Definition isFace n (s F : vecQ n -> Prop) : Prop :=
  exists u, dual_cone s u /\ forall x, F x <-> (s x /\ pairing x u = 0).

Definition perp n (g : vecQ n -> Prop) : vecQ n -> Prop :=
  fun e => forall x, g x -> pairing x e = 0.

Definition isRayGen n (s : vecQ n -> Prop) (p : vecQ n) : Prop :=
  isPrimitive p /\ isFace s (conic_hull (fun v => v = p)).

Definition isDemazureRootAt n (s : vecQ n -> Prop) (p e : vecQ n) : Prop :=
  isRayGen s p /\ isLattice e /\ pairing p e = -1 /\
  forall q, isRayGen s q -> q <> p -> 0 <= pairing q e.

Definition isDemazureRoot n (s : vecQ n -> Prop) (e : vecQ n) : Prop :=
  exists p, isDemazureRootAt s p e.

Definition isLatticeBasis n (b : 'I_n -> vecQ n) : Prop :=
  (forall i, isLattice (b i)) /\
  (forall v, isLattice v -> exists c : 'I_n -> int, v = \sum_(i < n) (c i)%:~R *: b i) /\
  (forall c : 'I_n -> rat, \sum_(i < n) c i *: b i = 0 -> forall i, c i = 0).

Definition extendsToBasis n k (p : 'I_k -> vecQ n) : Prop :=
  exists (b : 'I_n -> vecQ n) (f : 'I_k -> 'I_n),
    isLatticeBasis b /\ injective f /\ forall r, b (f r) = p r.

Definition isRegularFaceWithRays n k (s : vecQ n -> Prop) (p : 'I_k -> vecQ n) : Prop :=
  let tau := conic_hull (fun v => exists r, v = p r) in
  isFace s tau /\ injective p /\
  (forall r, isRayGen s (p r)) /\
  (forall q, isRayGen s q -> tau q -> exists r, q = p r) /\
  extendsToBasis p.

Definition compatible n k (p e1 e2 : 'I_k -> vecQ n) : Prop :=
  forall r s, pairing (p s) (e1 r) = - (r == s)%:R /\ pairing (p s) (e2 r) = - (r == s)%:R.

(* Write gamma = sigma ∩ u^⊥ with u in the dual cone, and for each r pick a root
   f_r among e_1^(r), e_2^(r), taking one in gamma^⊥ when p_r ∉ gamma.  Then
   w = u + Σ_r <p_r, u> f_r vanishes on every p_r by compatibility, and on gamma
   because <p_r, u> = 0 when p_r ∈ gamma.  On any other primitive ray generator q
   we have <q, f_r> >= 0, as f_r is a Demazure root at p_r, so <q, w> >= <q, u> >= 0,
   with equality only if q ∈ gamma.  Since a strongly convex polyhedral cone is
   generated by its primitive ray generators (Farkas' lemma exposes each irredundant
   generator), w lies in the dual cone and sigma ∩ w^⊥ is the cone spanned by gamma
   and the p_r ∉ gamma. *)

From mathcomp Require Import all_boot all_order all_algebra.
From mathcomp Require Import ring lra zify.
From Stdlib Require Import Classical.
Set Implicit Arguments. Unset Strict Implicit. Unset Printing Implicit Defensive.
Import Order.TTheory GRing.Theory Num.Theory.
Local Open Scope ring_scope.

Section Pairing.
Variable n : nat.
Implicit Types x y e : vecQ n.

Lemma pairingC x y : pairing x y = pairing y x.
Proof. by apply: eq_bigr => i _; rewrite mulrC. Qed.

Lemma pairingDl x y e : pairing (x + y) e = pairing x e + pairing y e.
Proof. by rewrite /pairing -big_split; apply: eq_bigr => i _; rewrite mxE mulrDl. Qed.

Lemma pairingZl (c : rat) x e : pairing (c *: x) e = c * pairing x e.
Proof. by rewrite /pairing mulr_sumr; apply: eq_bigr => i _; rewrite mxE mulrA. Qed.

Lemma pairingNl x e : pairing (- x) e = - pairing x e.
Proof. by rewrite -scaleN1r pairingZl mulN1r. Qed.

Lemma pairingBl x y e : pairing (x - y) e = pairing x e - pairing y e.
Proof. by rewrite pairingDl pairingNl. Qed.

Lemma pairing0l e : pairing 0 e = 0.
Proof. by rewrite -(scale0r 0) pairingZl mul0r. Qed.

Lemma pairingDr x y e : pairing e (x + y) = pairing e x + pairing e y.
Proof. by rewrite !(pairingC e) pairingDl. Qed.

Lemma pairingZr (c : rat) x e : pairing e (c *: x) = c * pairing e x.
Proof. by rewrite !(pairingC e) pairingZl. Qed.

Lemma pairingNr x e : pairing e (- x) = - pairing e x.
Proof. by rewrite !(pairingC e) pairingNl. Qed.

Lemma pairingBr x y e : pairing e (x - y) = pairing e x - pairing e y.
Proof. by rewrite !(pairingC e) pairingBl. Qed.

Lemma pairing0r e : pairing e 0 = 0.
Proof. by rewrite pairingC pairing0l. Qed.

Lemma pairing_suml (I : Type) (r : seq I) (P : pred I) (F : I -> vecQ n) e :
  pairing (\sum_(i <- r | P i) F i) e = \sum_(i <- r | P i) pairing (F i) e.
Proof. by elim/big_rec2: _ => [|i a b _ <-]; rewrite ?pairing0l ?pairingDl. Qed.

Lemma pairing_sumr (I : Type) (r : seq I) (P : pred I) (F : I -> vecQ n) e :
  pairing e (\sum_(i <- r | P i) F i) = \sum_(i <- r | P i) pairing e (F i).
Proof. by rewrite pairingC pairing_suml; apply: eq_bigr => i _; apply: pairingC. Qed.

Lemma pairing_delta x (i : 'I_n) : pairing x (delta_mx 0 i) = x 0 i.
Proof.
rewrite /pairing (bigD1 i) //= big1 => [|j ji]; first by rewrite !mxE !eqxx mulr1 addr0.
by rewrite !mxE eqxx /= (negbTE ji) mulr0.
Qed.

End Pairing.

Section SeqCone.
Variable n : nat.
Implicit Types (L : seq (vecQ n)) (x y g u v : vecQ n).

Fixpoint seq_cone L x : Prop :=
  if L is g :: L' then exists2 c, 0 <= c & seq_cone L' (x - c *: g) else x = 0.

Lemma seq_cone0 L : seq_cone L 0.
Proof. by elim: L => [|g L IH] //=; exists 0; rewrite ?scale0r ?subr0. Qed.

Lemma seq_coneD L x y : seq_cone L x -> seq_cone L y -> seq_cone L (x + y).
Proof.
elim: L x y => [|g L IH] x y /=; first by move=> -> ->; rewrite addr0.
move=> [c1 c1ge0 Hx] [c2 c2ge0 Hy]; exists (c1 + c2); first exact: addr_ge0.
by rewrite scalerDl opprD addrACA; apply: IH.
Qed.

Lemma seq_coneZ L (c : rat) x : 0 <= c -> seq_cone L x -> seq_cone L (c *: x).
Proof.
elim: L x => [|g L IH] x c_ge0 /=; first by move=> ->; rewrite scaler0.
move=> [d d_ge0 Hx]; exists (c * d); first exact: mulr_ge0.
by rewrite -scalerA -scalerBr; apply: IH.
Qed.

Lemma seq_cone_cons L g x : seq_cone L x -> seq_cone (g :: L) x.
Proof. by move=> Hx /=; exists 0; rewrite ?scale0r ?subr0. Qed.

Lemma seq_cone_mem L g : g \in L -> seq_cone L g.
Proof.
elim: L => [|h L IH]; rewrite ?in_nil // in_cons => /predU1P [->|/IH].
  by exists 1; rewrite ?ler01 // scale1r subrr; apply: seq_cone0.
exact: seq_cone_cons.
Qed.

Lemma seq_cone_trans L L' x :
  (forall v, v \in L -> seq_cone L' v) -> seq_cone L x -> seq_cone L' x.
Proof.
elim: L x => [|g L IH] x HL /=; first by move=> ->; apply: seq_cone0.
move=> [c c_ge0 Hx]; rewrite -(subrK (c *: g) x).
apply: seq_coneD; last by apply: seq_coneZ => //; apply: HL; rewrite mem_head.
by apply: IH => // v vL; apply: HL; rewrite in_cons vL orbT.
Qed.

Lemma seq_cone_pairing_ge0 L u x :
  (forall v, v \in L -> 0 <= pairing v u) -> seq_cone L x -> 0 <= pairing x u.
Proof.
elim: L x => [|g L IH] x HL /=; first by move=> ->; rewrite pairing0l.
move=> [c c_ge0 Hx]; rewrite -(subrK (c *: g) x) pairingDl pairingZl.
apply: addr_ge0; last by apply: mulr_ge0 => //; apply: HL; rewrite mem_head.
by apply: IH => // v vL; apply: HL; rewrite in_cons vL orbT.
Qed.

Lemma seq_cone_face L u x :
  (forall v, v \in L -> 0 <= pairing v u) -> seq_cone L x -> pairing x u = 0 ->
  seq_cone [seq v <- L | pairing v u == 0] x.
Proof.
elim: L x => [|g L IH] x HL //= [c c_ge0 Hx] xu0.
have HL' v : v \in L -> 0 <= pairing v u by move=> vL; apply: HL; rewrite in_cons vL orbT.
have gu_ge0 : 0 <= pairing g u by apply: HL; rewrite mem_head.
have := seq_cone_pairing_ge0 HL' Hx; rewrite pairingBl pairingZl xu0 sub0r oppr_ge0.
move=> cgu_le0; have cgu0 : c * pairing g u = 0 by apply/eqP; rewrite eq_le cgu_le0 mulr_ge0.
have [gu0|gu_neq0] /= := eqVneq (pairing g u) 0.
  by exists c => //; apply: IH; rewrite // pairingBl pairingZl xu0 gu0 mulr0 subr0.
have c0 : c = 0 by move/eqP: cgu0; rewrite mulf_eq0 (negbTE gu_neq0) orbF => /eqP.
by apply: IH => //; move: Hx; rewrite c0 scale0r subr0.
Qed.

Lemma seq_cone_split L g z : seq_cone L z ->
  exists2 d, 0 <= d & seq_cone [seq v <- L | v != g] (z - d *: g).
Proof.
elim: L z => [|h L IH] z /=; first by move=> ->; exists 0; rewrite ?scale0r ?subr0.
move=> [c c_ge0 /IH [d d_ge0 Hd]].
have [hg|hg] /= := eqVneq h g.
  by rewrite hg in Hd; exists (c + d); [apply: addr_ge0 | rewrite scalerDl opprD addrA].
by exists d => //; exists c => //; rewrite addrAC.
Qed.

End SeqCone.

Section ConicHull.
Variable n : nat.
Implicit Types (A : vecQ n -> Prop) (L : seq (vecQ n)) (x g q : vecQ n).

+ + + + +

Line count for the word "Section": state how many lines of the listing hold it, and give only that number.

_Response_. 3